Data extracted from a collection
• • • • • • •

Section ExpfzBig.
Variables (F : fieldType) (I : Type) (r : seq I) (P : pred I).

Lemma expfz_prod (f : I -> F) (e : int) :
  (\prod_(i <- r | P i) f i) ^ e = \prod_(i <- r | P i) f i ^ e.
Proof. by apply: (big_morph (fun y => y ^ e)) => [y z|]; rewrite ?expfzMl ?exp1rz. Qed.

Lemma expfz_sum (x : F) (f : I -> int) : x != 0 ->
  x ^ (\sum_(i <- r | P i) f i) = \prod_(i <- r | P i) x ^ f i.
Proof.
by move=> x0; apply: (big_morph (exprz x)) => [a b|]; rewrite ?expfzDr ?expr0z.
Qed.

End ExpfzBig.

Lemma poly_monomial_of_no_nonzero_root (F : closedFieldType) (p : {poly F}) :
  (forall z, z != 0 -> ~~ root p z) -> p = lead_coef p *: 'X^((size p).-1).
Proof.
move=> nroot; have [r pE] := closed_field_poly_normal p.
have r0 : forall z, z \in r -> z = 0.
  move=> z zr; apply/eqP; apply: contraT => /nroot.
  rewrite /root pE hornerZ horner_prod (big_rem z) //= hornerXsubC subrr.
  by rewrite mul0r mulr0 eqxx.
have Xr : \prod_(z <- r) ('X - z%:P) = 'X^(size r) :> {poly F}.
  elim: r r0 {pE} => [|z r IHr] r0; first by rewrite big_nil.
  rewrite big_cons (r0 z) ?mem_head // subr0 IHr ?exprS // => y yr.
  by apply: r0; rewrite inE yr orbT.
have lc_neq0 : lead_coef p != 0.
  rewrite lead_coef_eq0; apply: contraNneq (nroot 1 (oner_neq0 _)) => ->.
  by rewrite root0.
have size_p : size p = (size r).+1 by rewrite {1}pE Xr size_scale // size_polyXn.
by rewrite {1}pE Xr size_p.
Qed.

Section FormalSums.
Variables (R : pzSemiRingType) (K : eqType).

Definition coef_of (s : seq (R * K)) (k : K) : R := \sum_(p <- s | p.2 == k) p.1.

• • • • • • •

● **Work order**: From the start of the data to the line that holds "End ExpfzBig.", retype each line exactly, with both ends included.

● **Expected answer**:
Section ExpfzBig.
Variables (F : fieldType) (I : Type) (r : seq I) (P : pred I).

Lemma expfz_prod (f : I -> F) (e : int) :
  (\prod_(i <- r | P i) f i) ^ e = \prod_(i <- r | P i) f i ^ e.
Proof. by apply: (big_morph (fun y => y ^ e)) => [y z|]; rewrite ?expfzMl ?exp1rz. Qed.

Lemma expfz_sum (x : F) (f : I -> int) : x != 0 ->
  x ^ (\sum_(i <- r | P i) f i) = \prod_(i <- r | P i) x ^ f i.
Proof.
by move=> x0; apply: (big_morph (exprz x)) => [a b|]; rewrite ?expfzDr ?expr0z.
Qed.

End ExpfzBig.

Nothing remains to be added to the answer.